As part of an education program, students in Melbourne are learning how to grow their own edible plants on an urban farm that has replaced the canteen’s vending machine. The program, run by social enterprise Farmwall, is designed to teach youth about sustainable urban farming as a method of mitigating climate change and improving food security and health. Students at Hume Central Secondary College will care for the plants while learning about biodiversity, nutrition, and wellbeing through hands-on school incursions.

The indoor vertical farm grows radish ‘microgreens‘ (highly nutritious immature vegetables harvested while young) and also includes a mushroom-growing system. Students plant seedlings in soggy, hemp-filled pots and nurture them as they flourish into edible greens. Within a few short weeks, students can reap their reward, eating the veggies with their lunch or taking them home to their families.

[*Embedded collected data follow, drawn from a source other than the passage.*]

(* Let $W$ be a finite set and let $\preceq_1$ and $\preceq_2$ be total preorders on $W$. Then there is exactly one binary relation $\preceq_3$ on $W$ satisfying (RE1)–(RE3) with respect to $\preceq_1,\preceq_2$; consequently there is a unique revision operator $\circ$ (mapping pairs of total preorders to a relation $\preceq_1\circ\preceq_2=\preceq_3$) satisfying (RE1)–(RE3).
   Context: A total preorder on $W$ is a reflexive, transitive relation under which any two elements are comparable. For a preorder $\preceq_i$ write $\omega\prec_i\omega'$ iff $\omega\preceq_i\omega'$ and not $\omega'\preceq_i\omega$, and $\omega\sim_i\omega'$ iff $\omega\preceq_i\omega'$ and $\omega'\preceq_i\omega$; $\prec_i$ denotes the strict part $\{(x,y)\mid x\prec_i y\}$. The postulates for $\preceq_3=\preceq_1\circ\preceq_2$ are: (RE1) $\preceq_3$ is a total preorder; (RE2) $\prec_2\subseteq\prec_3$; (RE3) if $\omega\sim_2\omega'$, then $\omega\prec_3\omega'$ iff $\omega\prec_1\omega'$. *)

From mathcomp Require Import all_boot.
Set Implicit Arguments. Unset Strict Implicit. Unset Printing Implicit Defensive.

Definition total_preorder (W : finType) (le : rel W) : Prop :=
  reflexive le /\ transitive le /\ (forall x y, le x y || le y x).

Definition strict (W : finType) (le : rel W) : rel W := fun x y => le x y && ~~ le y x.
Definition indiff (W : finType) (le : rel W) : rel W := fun x y => le x y && le y x.

Definition RE (W : finType) (le1 le2 le3 : rel W) : Prop :=
  total_preorder le3 /\
  (forall x y, strict le2 x y -> strict le3 x y) /\
  (forall x y, indiff le2 x y -> (strict le3 x y <-> strict le1 x y)).

From mathcomp Require Import all_boot.

Set Implicit Arguments.
Unset Strict Implicit.
Unset Printing Implicit Defensive.

(* The postulates force [le1 o le2] to be the lexicographic refinement of
   [le2] by [le1]: (RE2) settles the pairs strictly ordered by [le2], (RE3)
   settles the [le2]-ties through the strict part of [le1], and a total
   relation is determined by its strict part. *)

Lemma relNstrict (W : finType) (R : rel W) :
  total R -> forall x y, R x y = ~~ strict R y x.
Proof.
by move=> tR x y; rewrite /strict; move: (tR x y); case: (R x y) (R y x) => [] [].
Qed.

Section LexRel.

Variables (W : finType) (le1 le2 : rel W).

Definition lex_rel : rel W := fun x y => le2 x y && (le2 y x ==> le1 x y).

Lemma lex_rel_refl : reflexive le1 -> reflexive le2 -> reflexive lex_rel.
Proof. by move=> r1 r2 x; rewrite /lex_rel r2 r1. Qed.

Lemma lex_rel_trans : transitive le1 -> transitive le2 -> transitive lex_rel.
Proof.
move=> t1 t2 y x z /andP[le2xy le1xy] /andP[le2yz le1yz].
apply/andP; split; first exact: t2 le2xy le2yz.
apply/implyP => le2zx.
have le2yx : le2 y x := t2 _ _ _ le2yz le2zx.
have le2zy : le2 z y := t2 _ _ _ le2zx le2xy.
exact: t1 (implyP le1xy le2yx) (implyP le1yz le2zy).
Qed.

Lemma lex_rel_total : total le1 -> total le2 -> total lex_rel.
Proof.
move=> c1 c2 x y; rewrite /lex_rel; move: (c1 x y) (c2 x y).
by case: (le1 x y) (le1 y x) (le2 x y) (le2 y x) => [] [] [] [].
Qed.

Lemma total_preorder_lex_rel :
  total_preorder le1 -> total_preorder le2 -> total_preorder lex_rel.
Proof.
move=> [r1 [t1 c1]] [r2 [t2 c2]]; split; first exact: lex_rel_refl.
by split; [exact: lex_rel_trans | exact: lex_rel_total].
Qed.

Lemma strict_lex_rel x y :
  strict lex_rel x y = strict le2 x y || indiff le2 x y && strict le1 x y.
Proof.
rewrite /strict /indiff /lex_rel.
by case: (le1 x y) (le1 y x) (le2 x y) (le2 y x) => [] [] [] [].
Qed.

Lemma RE_lex_rel :
  total_preorder le1 -> total_preorder le2 -> RE le1 le2 lex_rel.
Proof.
move=> tp1 tp2; split; first exact: total_preorder_lex_rel.
split=> x y; rewrite strict_lex_rel; first by move->.
move=> indxy; have /andP[_ le2yx] := indxy.
by rewrite indxy /strict le2yx andbF.
Qed.

Lemma RE_eq_lex_rel (le3 : rel W) :
  total le1 -> total le2 -> RE le1 le2 le3 -> le3 =2 lex_rel.
Proof.
move=> c1 c2 [[_ [_ c3]] [RE2 RE3]] x y; rewrite /lex_rel.
have [le2yx | nle2yx] := boolP (le2 y x); last first.
  have le2xy : le2 x y by case/orP: (c2 x y) => //; rewrite (negbTE nle2yx).
  have /RE2/andP[-> _] : strict le2 x y by rewrite /strict le2xy nle2yx.
  by rewrite le2xy.
have [le2xy | nle2xy] := boolP (le2 x y); last first.
  by have /RE2/andP[_ /negbTE ->] : strict le2 y x by rewrite /strict le2yx nle2xy.
have /RE3 eq31 : indiff le2 y x by rewrite /indiff le2yx le2xy.
rewrite (relNstrict c3) (relNstrict c1) /=; congr negb.
by apply/idP/idP => /eq31.
Qed.

End LexRel.

Theorem theorem3 (W : finType) :
  (forall le1 le2 : rel W, total_preorder le1 -> total_preorder le2 ->
     exists le3 : rel W, RE le1 le2 le3 /\
       forall le3' : rel W, RE le1 le2 le3' -> le3' =2 le3) /\
  (exists op : rel W -> rel W -> rel W,
     (forall le1 le2, total_preorder le1 -> total_preorder le2 ->
        RE le1 le2 (op le1 le2)) /\
     forall op' : rel W -> rel W -> rel W,
       (forall le1 le2, total_preorder le1 -> total_preorder le2 ->
          RE le1 le2 (op' le1 le2)) ->
       forall le1 le2, total_preorder le1 -> total_preorder le2 ->
         op' le1 le2 =2 op le1 le2).
Proof.
have RE_eq le1 le2 le3 : total_preorder le1 -> total_preorder le2 ->
    RE le1 le2 le3 -> le3 =2 lex_rel le1 le2.
  by move=> [_ [_ c1]] [_ [_ c2]]; exact: RE_eq_lex_rel.
split.
  move=> le1 le2 tp1 tp2; exists (lex_rel le1 le2).
  by split; [exact: RE_lex_rel | move=> le3; exact: RE_eq].
exists (@lex_rel W); split; first exact: RE_lex_rel.
by move=> op' REop' le1 le2 tp1 tp2; apply: RE_eq => //; exact: REop'.
Qed.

By turning the experience of growing food into a rewarding endeavor, students become invested in the process, deepening their engagement in the educational aspects of the activity. While caring for the plants, students discover how they are grown in a closed-loop ecosystem that utilizes the natural relationship between fish and plants. The installation includes a fish tank that uses aquaponics (a combination of aquaculture and hydroponics) to turn fish waste and nitrifying bacteria into nutrients for the plants.

Debra Kimpton, the teacher at Hume Central Secondary College, told Planet Ark the response from the students involved in the program has been extremely positive. “Students are amazed and excited. They love watching the fish and learning about their connection to the microgreens. Some take ownership of their microgreens to the next level. They want to plant them to watch the full life cycle,” Debra said.